SPDK From First Principles

SPDK deep learning path

Chapter 10: Reactors, `spdk_thread`, Messages, Pollers

By the end of this chapter, a beginner should be able to explain the difference between an OS thread, an SPDK reactor, and an `spdk_thread`; trace a message sent by...

Source: drafts/runtime/10-reactors-threads-messages-pollers.md

Reader Promise

By the end of this chapter, a beginner should be able to explain the difference between an OS thread, an SPDK reactor, and an spdk_thread; trace a message sent by spdk_thread_send_msg(); understand how pollers run; and diagnose wrong-thread assertions, blocked reactors, leaked pollers, and thread-exit hangs.

This is one of the most important chapters in the book. Many SPDK bugs are not algorithm bugs. They are ownership bugs: code runs on the wrong spdk_thread, blocks a reactor, keeps an io_channel too long, or forgets to unregister a poller.

Mental Model

Use this vocabulary precisely:

  • OS thread: the kernel-scheduled execution context, usually pinned to a CPU core by DPDK/SPDK.
  • Reactor: SPDK's per-core event loop object. A reactor owns a list of lightweight SPDK threads and event queues.
  • spdk_thread: a lightweight cooperative context. It has message queues, pollers, io_channels, stats, and a cpumask.
  • Message: a function pointer plus context enqueued to an spdk_thread.
  • Poller: a callback that runs repeatedly on an spdk_thread, either every loop or on a timer.

Prose diagram:

CPU core 3
  OS thread "reactor_3"
    reactor object for lcore 3
      spdk_thread "app_thread"
        message ring
        active pollers
        timed pollers
        io_channels
      spdk_thread "nvmf_tgt_poll_group_3"
        message ring
        active pollers
        io_channels

The reactor runs the OS thread. The reactor polls each spdk_thread. Each spdk_thread drains messages and runs pollers.

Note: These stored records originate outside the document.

Definition double_circuit (T : tiling) : Prop :=
  (forall x : Wt T, circuit (white_nbrs T x) (hplab T)) /\
  (forall y : Bt T, circuit (black_nbrs T y) (ptlab T)).

Definition swap_colors (T : tiling) : tiling :=
  @Tiling (Bt T) (Wt T) (Et T) (bv T) (wv T) (brot T) (wrot T)
          (hplab T) (ptlab T).

(* (M1) removal of a white vertex x0 of degree two with edges e1, e2 to
   distinct black vertices u = bv e1, u' = bv e2, which get merged.
   fE, fW identify edges / white vertices of T' with those of T that
   survive; fB maps black vertices of T onto those of T', identifying
   exactly u and u'. *)
Definition remove_white_deg2 (T T' : tiling) : Prop :=
  exists (x0 : Wt T) (e1 e2 : Et T)
         (fE : Et T' -> Et T) (fW : Wt T' -> Wt T) (fB : Bt T -> Bt T'),
  [/\ [/\ e1 != e2, wv T e1 = x0, wv T e2 = x0,
          (forall e, wv T e = x0 -> e = e1 \/ e = e2) & bv T e1 != bv T e2],
      [/\ injective fE, (forall e', fE e' != e1 /\ fE e' != e2)
        & (forall e, e != e1 -> e != e2 -> exists e', fE e' = e)],
      [/\ injective fW, (forall x', fW x' != x0)
        & (forall x, x != x0 -> exists x', fW x' = x)],
      [/\ (forall y', exists y, fB y = y'),
          (forall y y', fB y = fB y' <->
             [\/ y = y', y = bv T e1 /\ y' = bv T e2
                       | y = bv T e2 /\ y' = bv T e1])
        & (forall e', wv T (fE e') = fW (wv T' e') /\
                      fB (bv T (fE e')) = bv T' e')] &
      [/\ (forall e', fE (wrot T' e') = wrot T (fE e')),
          (forall e', fE (brot T' e') =
             let x := brot T (fE e') in
             if x == e1 then
               (if brot T e2 == e2 then brot T e1 else brot T e2)
             else if x == e2 then
               (if brot T e1 == e1 then brot T e2 else brot T e1)
             else x),
          (forall x', proj_eq (ptlab T (fW x')) (ptlab T' x'))
        & (forall y, proj_eq (hplab T y) (hplab T' (fB y)))]].

Definition move_M1 (T T' : tiling) : Prop :=
  [\/ remove_white_deg2 T T', remove_white_deg2 T' T,
      remove_white_deg2 (swap_colors T) (swap_colors T')
    | remove_white_deg2 (swap_colors T') (swap_colors T)].

(* subspaces of K^n as row spaces of square matrices (mxalgebra) *)
Definition span_pts {I : finType} (S : {set I}) (v : I -> 'rV[K]_n) : 'M[K]_n :=
  (\sum_(i in S) <<v i>>)%MS.
Definition hyperplane (l : 'rV[K]_n) : 'M[K]_n := kermx l^T.
Definition meet_hyps {I : finType} (S : {set I}) (l : I -> 'rV[K]_n) : 'M[K]_n :=
  (\bigcap_(i in S) hyperplane (l i))%MS.

Definition is_meet_point (X Y : 'M[K]_n) (v : 'rV[K]_n) : Prop :=
  [/\ \rank (X :&: Y)%MS = 1%N, v != 0 & (v <= X :&: Y)%MS].
Definition is_join_hyperplane (X Y : 'M[K]_n) (l : 'rV[K]_n) : Prop :=
  [/\ \rank (X + Y)%MS = n.-1, l != 0 & (X + Y <= hyperplane l)%MS].

(* (M2) urban renewal at the quadrilateral face whose boundary, read from
   the edge e1, is A = wv e1, c = bv e1, B = wv e2, d = bv e2, with edges
   e1 = Ac, f1 = cB, e2 = Bd, f2 = dA.  The edges of T' are the images
   under iE of the other edges of T plus eight new edges
   nAg ncE nBh ndF (connectors) and ngE nEh nhF nFg (new square);
   new white vertices xE xF, new black vertices yg yh. *)
Definition urban_renewal (T T' : tiling) : Prop :=
  exists e1 : Et T,
  let f1 := brot T e1 in let e2 := wrot T f1 in let f2 := brot T e2 in
  let A := wv T e1 in let c := bv T e1 in
  let B := wv T e2 in let d := bv T e2 in
  let kept := fun e => e \notin [:: e1; f1; e2; f2] in
  exists (iE : Et T -> Et T') (iW : Wt T -> Wt T') (iB : Bt T -> Bt T')
         (xE xF : Wt T') (yg yh : Bt T')
         (nAg ncE nBh ndF ngE nEh nhF nFg : Et T'),
  let news := [:: nAg; ncE; nBh; ndF; ngE; nEh; nhF; nFg] in
  [/\ (* the face is a quadrilateral with distinct vertices *)
      [/\ wrot T f2 = e1, A != B & c != d],
      [/\ (forall e e', kept e -> kept e' -> iE e = iE e' -> e = e'),
          uniq news, (forall e, kept e -> iE e \notin news)
        & (forall e', e' \in news \/ exists2 e, kept e & iE e = e')],
      [/\ [/\ injective iW, xE != xF, (forall x, iW x != xE /\ iW x != xF)
            & (forall x', [\/ x' = xE, x' = xF | exists x, iW x = x'])],
          [/\ injective iB, yg != yh, (forall y, iB y != yg /\ iB y != yh)
            & (forall y', [\/ y' = yg, y' = yh | exists y, iB y = y'])],
          (forall e, kept e ->
             wv T' (iE e) = iW (wv T e) /\ bv T' (iE e) = iB (bv T e))
        & [/\ wv T' nAg = iW A /\ bv T' nAg = yg,
              wv T' ncE = xE /\ bv T' ncE = iB c,
              wv T' nBh = iW B /\ bv T' nBh = yh,
              wv T' ndF = xF /\ bv T' ndF = iB d &
              [/\ wv T' ngE = xE /\ bv T' ngE = yg,
                  wv T' nEh = xE /\ bv T' nEh = yh,
                  wv T' nhF = xF /\ bv T' nhF = yh &
                  wv T' nFg = xF /\ bv T' nFg = yg]]],
      [/\ (forall e, kept e -> wrot T' (iE e) =
             if wrot T e == f2 then nAg
             else if wrot T e == f1 then nBh else iE (wrot T e)),
          wrot T' nAg = (if wrot T e1 == f2 then nAg else iE (wrot T e1)),
          wrot T' nBh = (if wrot T e2 == f1 then nBh else iE (wrot T e2)),
          [/\ wrot T' ncE = ngE, wrot T' ngE = nEh & wrot T' nEh = ncE]
        & [/\ wrot T' ndF = nhF, wrot T' nhF = nFg & wrot T' nFg = ndF]] /\
      [/\ (forall e, kept e -> brot T' (iE e) =
             if brot T e == e1 then ncE
             else if brot T e == e2 then ndF else iE (brot T e)),
          brot T' ncE = (if brot T f1 == e1 then ncE else iE (brot T f1)),
          brot T' ndF = (if brot T f2 == e2 then ndF else iE (brot T f2)),
          [/\ brot T' ngE = nAg, brot T' nAg = nFg & brot T' nFg = ngE]
        & [/\ brot T' nEh = nhF, brot T' nhF = nBh & brot T' nBh = nEh]] &
      [/\ (forall x, proj_eq (ptlab T x) (ptlab T' (iW x))),
          (forall y, proj_eq (hplab T y) (hplab T' (iB y))),
          (* E = <A,B> ∩ <C_1..C_k>,  F = <A,B> ∩ <D_1..D_l> *)
          is_meet_point (<<ptlab T A>> + <<ptlab T B>>)%MS
            (span_pts (wv T @: [set e | (bv T e == c) && (e \notin [:: e1; f1])])
                      (ptlab T))
            (ptlab T' xE),
          is_meet_point (<<ptlab T A>> + <<ptlab T B>>)%MS
            (span_pts (wv T @: [set e | (bv T e == d) && (e \notin [:: e2; f2])])
                      (ptlab T))
            (ptlab T' xF) &
          (* g = <c ∩ d, a_1 ∩ .. ∩ a_m>,  h = <c ∩ d, b_1 ∩ .. ∩ b_n> *)
          is_join_hyperplane (hyperplane (hplab T c) :&: hyperplane (hplab T d))%MS
            (meet_hyps (bv T @: [set e | (wv T e == A) && (e \notin [:: e1; f2])])
                       (hplab T))
            (hplab T' yg) /\
          is_join_hyperplane (hyperplane (hplab T c) :&: hyperplane (hplab T d))%MS
            (meet_hyps (bv T @: [set e | (wv T e == B) && (e \notin [:: f1; e2])])
                       (hplab T))
            (hplab T' yh)]].
Lemma postpone_nrec_step p a b b' x v : redB b b' -> ruleA (Nrec p a b' x) v ->
  exists w, redA (Nrec p a b x) w /\ ABstar w v.
Proof.
  intros Hb Hr. inversion Hr; subst.
  - eexists. split; [apply st_base, rA_nrec_0 | apply star_refl].
  - eexists. split; [apply st_base, rA_nrec_S|].
    eapply star_trans; apply B_AB; [apply st_appl, st_appl, Hb | apply st_appr, st_nrec2, Hb].
  - eexists. split; [apply st_base, rA_nrec_mu|].
    apply Bstar_ABstar, sig_self_Bstar. repeat constructor.
    apply lift_mu0_Bstar, star_one, Hb.
Qed.

Lemma postpone_nrec_arg p a b x x' v : redB x x' -> ruleA (Nrec p a b x') v ->
  exists w, redA (Nrec p a b x) w /\ ABstar w v.
Proof.
  intros Hb Hr. inversion Hr; subst.
  - apply invB_Zero in Hb as [q1 ->].
    eexists. split; [apply eta_nrec | apply eta_then_rule, Hr].
  - apply invB_Suc in Hb as [[q1 ->] | [y0 [-> Hy0]]].
    + eexists. split; [apply eta_nrec | apply eta_then_rule, Hr].
    + destruct (suc_B_expanded_numeral _ _ Hy0) as [X [HA HB]].
      exists (Nrec p a b X). split; [apply st_nrec3, HA|].
      eapply star_step; [right; apply st_nrec3, HB | apply A_AB, st_base, Hr].
  - apply invB_Mu in Hb as [[q1 ->] | [c0 [-> Hc]]].
    + eexists. split; [apply eta_nrec | apply eta_then_rule, Hr].
    + eexists. split; [apply st_base, rA_nrec_mu | apply credB_msub, Hc].
Qed.
(* Let $g\in{\cal H}_d$. Call a compact set $V\subset{\bf C}^2$ admissible if $K\subset \mathrm{int}\,V$, $g(J^+\cap V)\subset J^+\cap V$ and $g^{-1}(J^-\cap V)\subset J^-\cap V$. For admissible $V$ define $$s^\pm(V)=\lim_{n\to\infty}\frac1n\log\max\{\|Dg^{\pm n}(p)\|:p\in J^\pm\cap V\}.$$ Then $s^+(V)$ and $s^-(V)$ do not depend on the choice of the admissible set $V$.
   Context: A generalized Hénon map is a map $g_i(z,w)=(w,P_i(w)+a_iz)$ of ${\bf C}^2$, where $P_i$ is a complex polynomial of degree $d_i\ge 2$ and $a_i\in{\bf C}\setminus\{0\}$. For $d\ge 2$, ${\cal H}_d$ denotes the set of all finite compositions $g=g_1\circ\cdots\circ g_m$ of generalized Hénon maps with $d_1\cdots d_m=d$. $K^\pm$ is the set of points whose forward ($+$) resp. backward ($-$) orbit under $g$ is bounded, $K=K^+\cap K^-$, $J^\pm=\partial K^\pm$. The limits defining $s^\pm(V)$ exist (submultiplicativity) and do not depend on the norm used. *)

From Stdlib Require Import Reals List.
From Coquelicot Require Import Coquelicot.
Set Implicit Arguments.

Definition C2 := prod_NormedModule C_AbsRing C_NormedModule C_NormedModule.

(* A complex polynomial is given by its list of coefficients, lowest degree
   first: [c0; c1; ...; ck] represents c0 + c1 w + ... + ck w^k. *)
Definition peval (P : list C) (w : C) : C :=
  fold_right (fun c acc => Cplus c (Cmult w acc)) (RtoC 0) P.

flowchart TB os[OS thread pinned to core] --> reactor[SPDK reactor loop] reactor --> t1[spdk_thread: app_thread] reactor --> t2[spdk_thread: nvmf poll group] t1 --> msg1[message queue] t1 --> poll1[active and timed pollers] t1 --> ch1[io_channels] t2 --> msg2[message queue] t2 --> poll2[transport pollers] t2 --> ch2[transport and bdev channels] sender[another spdk_thread] -->|spdk_thread_send_msg| msg1

Source Anchors

  • include/spdk_internal/event.h: struct spdk_reactor, spdk_reactors_init(), spdk_reactors_start(), spdk_reactors_stop()
  • lib/event/reactor.c: spdk_reactors_init(), reactor_construct(), spdk_reactors_start(), reactor_run(), _reactor_run(), reactor_post_process_lw_thread(), spdk_reactors_stop()
  • include/spdk/thread.h: spdk_thread_create(), spdk_thread_poll(), spdk_thread_send_msg(), spdk_for_each_thread(), spdk_poller_register(), spdk_poller_unregister(), spdk_thread_exit()
  • lib/thread/thread.c: struct spdk_thread, spdk_thread_create(), spdk_set_thread(), spdk_get_thread(), spdk_thread_poll(), thread_poll(), msg_queue_run_batch(), spdk_thread_send_msg(), poller_register(), thread_execute_poller(), thread_execute_timed_poller(), spdk_poller_unregister(), spdk_for_each_thread(), spdk_thread_exit(), thread_exit()
  • lib/event/app_rpc.c: rpc_framework_get_reactors(), _rpc_framework_get_reactors()

Reactor Initialization

lib/event/reactor.c:spdk_reactors_init() creates the event framework's reactor state.

It:

  • creates g_spdk_event_mempool
  • allocates the g_reactors array aligned to 64 bytes
  • initializes the thread library with spdk_thread_lib_init_ext()
  • constructs a reactor for each env core
  • records the scheduling reactor
  • sets reactor state to initialized

The thread library call is crucial. Reactors cannot run spdk_thread objects until the thread library exists, because spdk_thread uses message mempools, message rings, poller queues, and io_channel registries.

Reactor Start

lib/event/reactor.c:spdk_reactors_start() sets the reactor state to running, launches a reactor OS thread on every selected core except the current core, and then runs the current core's reactor inline.

That last detail explains why spdk_app_start() blocks: the main OS thread becomes a reactor runner until shutdown.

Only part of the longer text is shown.